--- START ---

Lemma hull_convex x y t : 0 <= t <= 1 -> hull x -> hull y ->
  hull (t *: x + (1 - t) *: y).
Proof.
move=> /andP[t0 t1] hx hy.
pose g (l : 'I_2) := if l == ord0 then t else 1 - t.
pose p (l : 'I_2) := if l == ord0 then x else y.
have : hull (\sum_l g l *: p l).
  apply: hull_comb => [l||l]; rewrite /g /p; try by case: ifP.
    by case: ifP => _ //; rewrite subr_ge0.
  by rewrite !big_ord_recr big_ord0 /= add0r addrCA subrr addr0.
by rewrite !big_ord_recr big_ord0 /= add0r.
Qed.

Lemma hull_sel y : hull y -> exists j, sel j.
Proof.
move=> [w [_ w0 w1 _]]; apply: contrapT => nsel.
have : \sum_j w j = 0.
  by apply: big1 => j _; apply: w0; apply/negP => sj; apply: nsel; exists j.
by rewrite w1 => /eqP; rewrite oner_eq0.
Qed.

Lemma conv_hullE : conv [set x | exists j, sel j /\ x = W j] = hull.
Proof.
apply/seteqP; split=> y.
- move=> [k [t [x [tx [t1 ->]]]]]; apply: hull_comb => // l; first by case: (tx l).
  by have [_ [j [sj ->]]] := tx l; exact: hull_vertex.
- move=> hy; have [j0 sj0] := hull_sel hy; move: hy => [w [w0 wsel w1 ->]].
  exists m, w, (fun j => if sel j then W j else W j0); split; [|split] => //.
  + by move=> j; split => //; case: ifP => sj; [exists j | exists j0].
  + apply: eq_bigr => j _; case: ifP => sj //.
    by rewrite wsel ?sj // !scale0r.
Qed.

End Hull.

Lemma conv_seqE (R : realType) n (P : seq 'rV[R]_n) :
  conv [set x | x \in P] = hull (fun j : 'I_(size P) => nth 0 P j) xpredT.
Proof.
rewrite -conv_hullE; congr conv; apply/seteqP; split => x /=.
  move=> xP; have ix : (index x P < size P)%N by rewrite index_mem.
  by exists (Ordinal ix); split => //=; rewrite nth_index.
by move=> [j [_ ->]]; exact: mem_nth.
Qed.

--- END ---

Find and copy each line above that includes the string "case".

- _SOLUTION FOR THIS PROBLEM_:
  apply: hull_comb => [l||l]; rewrite /g /p; try by case: ifP.
    by case: ifP => _ //; rewrite subr_ge0.
- move=> [k [t [x [tx [t1 ->]]]]]; apply: hull_comb => // l; first by case: (tx l).
  + by move=> j; split => //; case: ifP => sj; [exists j | exists j0].
  + apply: eq_bigr => j _; case: ifP => sj //.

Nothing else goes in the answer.